Work to complete: Use the entries below and reproduce exactly the lines from the one containing "[forall b in B, #|b| == k] &&" down to the one containing "ppc B P && (#|P| == r)].", both of them included.

################

(* Let $k \ge 2$ and $v$ be integers with $v \equiv 1 \pmod{k-1}$ and $v \ge k(k-1)^2 + k$. Then \[ \beta(1,v,k) = \frac{v-1}{k-1}. \]
   Context: For integers $v \ge k \ge 2$, a $(v,k)$-packing is a pair $(X,\mathcal{B})$ where $X$ is a set of $v$ points and $\mathcal{B}$ is a set of $k$-subsets of $X$ (blocks) such that every pair of distinct points lies in at most one block. A partial parallel class (PPC) is a set of pairwise disjoint blocks; its size is the number of blocks. A PPC of size $\rho$ is maximum if the packing has no PPC of size $\rho+1$. $\beta(\rho,v,k)$ denotes the maximum number of blocks in a $(v,k)$-packing in which the maximum PPC has size $\rho$; thus $\beta(1,v,k)$ is the maximum number of blocks in a $(v,k)$-packing with no two disjoint blocks. *)

From mathcomp Require Import all_boot.
Set Implicit Arguments. Unset Strict Implicit. Unset Printing Implicit Defensive.

Definition packing (v k : nat) (B : {set {set 'I_v}}) : bool :=
  [forall b in B, #|b| == k] &&
  [forall x : 'I_v, forall y : 'I_v,
     (x != y) ==> (#|[set b in B | (x \in b) && (y \in b)]| <= 1)].

Definition ppc (v : nat) (B P : {set {set 'I_v}}) : bool :=
  (P \subset B) &&
  [forall b1 in P, forall b2 in P, (b1 != b2) ==> [disjoint b1 & b2]].

Definition has_ppc_of_size (v : nat) (B : {set {set 'I_v}}) (r : nat) : bool :=
  [exists P : {set {set 'I_v}}, ppc B P && (#|P| == r)].

Definition max_ppc_size (v : nat) (B : {set {set 'I_v}}) (rho : nat) : bool :=
  has_ppc_of_size B rho && ~~ has_ppc_of_size B rho.+1.

Definition beta (rho v k : nat) : nat :=
  \max_(B : {set {set 'I_v}} | packing k B && max_ppc_size B rho) #|B|.

From mathcomp Require Import all_boot zify.
Set Implicit Arguments. Unset Strict Implicit. Unset Printing Implicit Defensive.

(* Having no two disjoint blocks means being an intersecting family.  If all
   blocks of an intersecting (v,k)-packing pass through a point x, they are
   otherwise pairwise disjoint, so there are at most (v-1)/(k-1) of them.
   Otherwise every point p lies on at most k blocks (the blocks through p meet
   a block avoiding p in distinct points), and counting the incidences with a
   fixed block gives at most k(k-1)+1 blocks, which the bound on v makes at
   most (v-1)/(k-1).  Conversely, (v-1)/(k-1) disjoint (k-1)-sets avoiding a
   point x, each completed by x, form such a packing. *)

Definition intersecting (T : finType) (B : {set {set T}}) : Prop :=
  {in B &, forall b1 b2 : {set T}, b1 != b2 -> ~~ [disjoint b1 & b2]}.

Lemma sum_pred_card (T : finType) (D : {set T}) (Q : pred T) :
  \sum_(t in D) (Q t : nat) = #|[set t in D | Q t]|.
Proof.
rewrite (eq_bigr (fun t => if Q t then 1 else 0)); last by move=> t _; case: (Q t).
by rewrite -big_mkcondr sum1dep_card.
Qed.

Lemma incidence_count (T : finType) (B : {set {set T}}) (A : {set T}) :
  \sum_(b in B) #|b :&: A| = \sum_(p in A) #|[set b in B | p \in b]|.
Proof.
have meetE b : #|b :&: A| = \sum_(p in A) (p \in b : nat).
  by rewrite sum_pred_card; apply: eq_card => p; rewrite !inE andbC.
rewrite (eq_bigr _ (fun b _ => meetE b)).
by rewrite exchange_big; apply: eq_bigr => p _; rewrite sum_pred_card.
Qed.

Lemma disjoint_subsets_exist (T : finType) (A : {set T}) m d :
  0 < d -> m * d <= #|A| ->
  exists P : {set {set T}},
    [/\ #|P| = m, trivIset P & {in P, forall S : {set T}, #|S| = d /\ S \subset A}].
Proof.
move=> d_gt0; elim: m A => [|m IHm] A le_mdA.
  exists set0; rewrite cards0; split=> // [|S]; last by rewrite inE.
  by apply/trivIsetP => ? ?; rewrite inE.
have /card_geqP[s [s_uniq s_size sA]] : d <= #|A|.
  by apply: leq_trans le_mdA; rewrite mulSn leq_addr.
pose S := [set t in s].
have cardS : #|S| = d by rewrite cardsE -s_size; apply/card_uniqP.
have SA : S \subset A by apply/subsetP => t; rewrite inE => /sA.
have [|P [cardP triP PA]] := IHm (A :\: S).
  by rewrite cardsD (setIidPr SA) cardS; rewrite mulSn in le_mdA; lia.
have [triSP SnotinP] : trivIset (S |: P) /\ S \notin P.
  apply: trivIsetU1 _ triP _ => [S' /PA[_ S'AS]|].
    rewrite disjoint_sym disjoint_subset; apply: subset_trans S'AS _.
    by apply/subsetP => t; rewrite !inE => /andP[].
  by apply/negP => /PA[]; rewrite cards0 => d0; move: d_gt0; rewrite -d0.
exists (S |: P); split=> //; first by rewrite cardsU1 SnotinP cardP.
move=> S' /setU1P[-> //|/PA[cardS' S'AS]]; split=> //.
exact: subset_trans S'AS (subsetDl _ _).
Qed.

Section IntersectingPackings.
Variable v : nat.
Implicit Types (B P : {set {set 'I_v}}) (b c S : {set 'I_v}) (p q x : 'I_v).

Lemma packingP k B :
  reflect ({in B, forall b, #|b| = k} /\
           forall p q, p != q -> #|[set b in B | (p \in b) && (q \in b)]| <= 1)
          (packing k B).
Proof.
apply: (iffP andP) => [[/forall_inP cardB /forallP pairB]|[cardB pairB]].
  split=> [b /cardB /eqP //|p q]; exact: implyP (forallP (pairB p) q).
split; first by apply/forall_inP => b /cardB ->.
by apply/forallP => p; apply/forallP => q; apply/implyP/pairB.
Qed.

Lemma ppc_pair B b1 b2 : b1 \in B -> b2 \in B -> b1 != b2 ->
  ppc B [set b1; b2] = [disjoint b1 & b2].
Proof.
move=> b1B b2B b12; rewrite /ppc subUset !sub1set b1B b2B /=.
apply/forall_inP/idP => [/(_ b1 (set21 _ _)) /forall_inP /(_ b2 (set22 _ _))|dis12].
  by rewrite b12.
move=> c1 c1b; apply/forall_inP => c2 c2b; apply/implyP => c12.
by case/set2P: c1b c2b c12 => -> /set2P[] ->; rewrite ?eqxx // disjoint_sym.
Qed.

Lemma max_ppc1P B : reflect (B != set0 /\ intersecting B) (max_ppc_size B 1).
Proof.
have ppc1E : has_ppc_of_size B 1 = (B != set0).
  apply/existsP/set0Pn => [[P /andP[/andP[PB _] /cards1P[b Pb]]]|[b bB]].
    by exists b; apply: (subsetP PB); rewrite Pb set11.
  exists [set b]; rewrite cards1 eqxx andbT /ppc sub1set bB /=.
  by apply/forall_inP => ? /set1P->; apply/forall_inP => ? /set1P->; rewrite eqxx.
rewrite /max_ppc_size ppc1E; apply: (iffP andP) => -[-> no_ppc2]; split=> //.
  move=> b1 b2 b1B b2B b12; apply: contra no_ppc2 => dis12.
  by apply/existsP; exists [set b1; b2]; rewrite ppc_pair // dis12 cards2 b12.
apply/existsP => -[P /andP[ppcP /cards2P[b1 [b2 [b12 Pb]]]]].
have /andP[PB _] := ppcP; rewrite Pb subUset !sub1set in PB ppcP.
case/andP: PB => b1B b2B.
by move: ppcP; rewrite ppc_pair //; apply/negP/no_ppc2.
Qed.

Lemma packing_codegree k B p q : packing k B -> p != q ->
  #|[set b in B | (p \in b) && (q \in b)]| <= 1.
Proof. by case/packingP=> _; apply. Qed.

Lemma star_card_bound d B x : packing d.+1 B -> {in B, forall b, x \in b} ->
  #|B| * d <= v.-1.
Proof.
move=> packB xB; have [cardB _] := packingP _ _ packB.
have -> : #|B| * d = \sum_(b in B) #|b :&: [set~ x]|.
  rewrite -sum_nat_const; apply: eq_bigr => b bB.
  apply/eqP; rewrite -eqSS -(cardB b bB) (cardsD1 x b) xB // add1n eqSS.
  by rewrite setDE.
rewrite incidence_count -[in X in _ <= X.-1](card_ord v) -(cardsC1 x) -sum1_card.
apply: leq_sum => p; rewrite !inE => px.
apply: leq_trans (packing_codegree packB px); apply: subset_leq_card.
by apply/subsetP => b; rewrite !inE => /andP[bB ->]; rewrite bB xB.
Qed.

Lemma intersecting_meet B b c : intersecting B -> b \in B -> c \in B ->
  b != c -> 0 < #|b :&: c|.
Proof. by move=> interB bB cB bc; rewrite card_gt0 setI_eq0 interB. Qed.

Lemma intersecting_degree_bound k B c p : packing k B -> intersecting B ->
  c \in B -> p \notin c -> #|[set b in B | p \in b]| <= k.
Proof.
move=> packB interB cB pc; have [cardB _] := packingP _ _ packB.
apply: (@leq_trans (\sum_(b in [set b in B | p \in b]) #|b :&: c|)).
  rewrite -sum1_card; apply: leq_sum => b; rewrite inE => /andP[bB pb].
  by apply: (intersecting_meet interB bB cB); apply: contraNneq pc => <-.
rewrite incidence_count -(cardB c cB) -sum1_card; apply: leq_sum => q qc.
have pq : p != q by apply: contraNneq pc => ->.
apply: leq_trans (packing_codegree packB pq); apply: subset_leq_card.
by apply/subsetP => b; rewrite !inE andbA.
Qed.

Lemma nonstar_card_bound d B : packing d.+1 B -> intersecting B ->
  (forall x, exists2 c, c \in B & x \notin c) -> #|B| <= d.+1 * d + 1.
Proof.
move=> packB interB nonstar; have [cardB _] := packingP _ _ packB.
have [->|[b0 b0B]] := set_0Vmem B; first by rewrite cards0.
have lower : #|B| + d <= \sum_(b in B) #|b :&: b0|.
  rewrite -sum1_card !(bigD1 b0 b0B) /= setIid cardB // addnAC add1n leq_add2l.
  apply: leq_sum => b /andP[bB bb0]; exact: intersecting_meet interB bB b0B bb0.
have upper : \sum_(b in B) #|b :&: b0| <= d.+1 * d.+1.
  rewrite incidence_count -{1}(cardB b0 b0B) -sum_nat_const.
  apply: leq_sum => p _; have [c cB pc] := nonstar p.
  exact: intersecting_degree_bound packB interB cB pc.
have := leq_trans lower upper; rewrite mulnS; lia.
Qed.

Lemma intersecting_packing_card d B : 0 < d -> packing d.+1 B -> intersecting B ->
  #|B| <= maxn (v.-1 %/ d) (d.+1 * d + 1).
Proof.
move=> d_gt0 packB interB; rewrite leq_max.
have [x /forall_inP xB|nonstar] := pickP [pred x | [forall b in B, x \in b]].
  by rewrite leq_divRL // (star_card_bound packB xB).
rewrite nonstar_card_bound ?orbT // => x.
by have /forall_inPn[c cB xc] := negbT (nonstar x); exists c.
Qed.

Lemma star_packing d x P : trivIset P ->
  {in P, forall S, #|S| = d /\ x \notin S} -> packing d.+1 [set x |: S | S in P].
Proof.
move=> triP PS; apply/packingP; split.
  by move=> _ /imsetP[S /PS[cardS xS] ->]; rewrite cardsU1 xS cardS.
move=> p q pq; apply/card_le1_eqP => b b'.
rewrite !inE => /andP[/imsetP[S SP ->] /andP[pS qS]].
move=> /andP[/imsetP[S' S'P ->] /andP[pS' qS']].
have in_S T w : w != x -> w \in x |: T -> w \in T.
  by move=> wx; rewrite in_setU1 (negbTE wx).
have [w wS wS'] : exists2 w, w \in S & w \in S'.
  have [px|px] := eqVneq p x; last by exists p; apply: in_S.
  by exists q; apply: in_S; rewrite // -px eq_sym.
have [-> //|SS'] := eqVneq S S'.
by move: wS'; rewrite (disjointFr (trivIsetP triP S S' SP S'P SS') wS).
Qed.

Lemma card_star x P : {in P, forall S, x \notin S} -> #|[set x |: S | S in P]| = #|P|.
Proof.
move=> xP; apply: card_in_imset => S S' SP S'P eqS.
by rewrite -(setU1K (xP S SP)) eqS setU1K ?xP.
Qed.

Lemma max_ppc1_star x B : B != set0 -> {in B, forall b, x \in b} -> max_ppc_size B 1.
Proof.
move=> B_neq0 xB; apply/max_ppc1P; split=> // b1 b2 b1B b2B _.
by apply/negP => /disjointFr/(_ (xB b1 b1B)); rewrite xB.
Qed.

Lemma star_packing_exists d m x : 0 < d -> m * d <= v.-1 ->
  exists B, [/\ packing d.+1 B, {in B, forall b, x \in b} & #|B| = m].
Proof.
move=> d_gt0; rewrite -[in X in _ <= X.-1](card_ord v) -(cardsC1 x) => le_mdv.
have [P [cardP triP PS]] := disjoint_subsets_exist d_gt0 le_mdv.
have xP S : S \in P -> #|S| = d /\ x \notin S.
  by case/PS => cardS /subsetP SCx; split=> //; apply/negP => /SCx; rewrite !inE eqxx.
exists [set x |: S | S in P]; split; first exact: star_packing.
  by move=> _ /imsetP[S _ ->]; rewrite setU11.
by rewrite card_star // => S /xP[].
Qed.

End IntersectingPackings.

Theorem theorem5p5 (k v : nat) :
  2 <= k ->
  v = 1 %[mod k - 1] ->
  k * (k - 1) ^ 2 + k <= v ->
  beta 1 v k = (v - 1) %/ (k - 1).
Proof.
case: k => [//|d]; rewrite ltnS !subn1 /= => d_gt0 _ v_ge.
have v_gt0 : 0 < v by apply: leq_trans v_ge; rewrite addnS.
have m_ge : d.+1 * d + 1 <= v.-1 %/ d.
  by rewrite leq_divRL //; rewrite expnS expn1 in v_ge; lia.
apply/eqP; rewrite eqn_leq; apply/andP; split.
  apply/bigmax_leqP => B /andP[packB /max_ppc1P[_ interB]].
  by rewrite -(maxn_idPl m_ge) intersecting_packing_card.
have [B [packB xB cardB]] :=
  star_packing_exists (Ordinal v_gt0) d_gt0 (leq_divM v.-1 d).
rewrite -cardB; apply: leq_bigmax_cond; rewrite packB (max_ppc1_star _ xB) //.
by rewrite -card_gt0 cardB; apply: leq_trans m_ge; rewrite addn1.
Qed.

################

Solution to the exercise:
  [forall b in B, #|b| == k] &&
  [forall x : 'I_v, forall y : 'I_v,
     (x != y) ==> (#|[set b in B | (x \in b) && (y \in b)]| <= 1)].

Definition ppc (v : nat) (B P : {set {set 'I_v}}) : bool :=
  (P \subset B) &&
  [forall b1 in P, forall b2 in P, (b1 != b2) ==> [disjoint b1 & b2]].

Definition has_ppc_of_size (v : nat) (B : {set {set 'I_v}}) (r : nat) : bool :=
  [exists P : {set {set 'I_v}}, ppc B P && (#|P| == r)].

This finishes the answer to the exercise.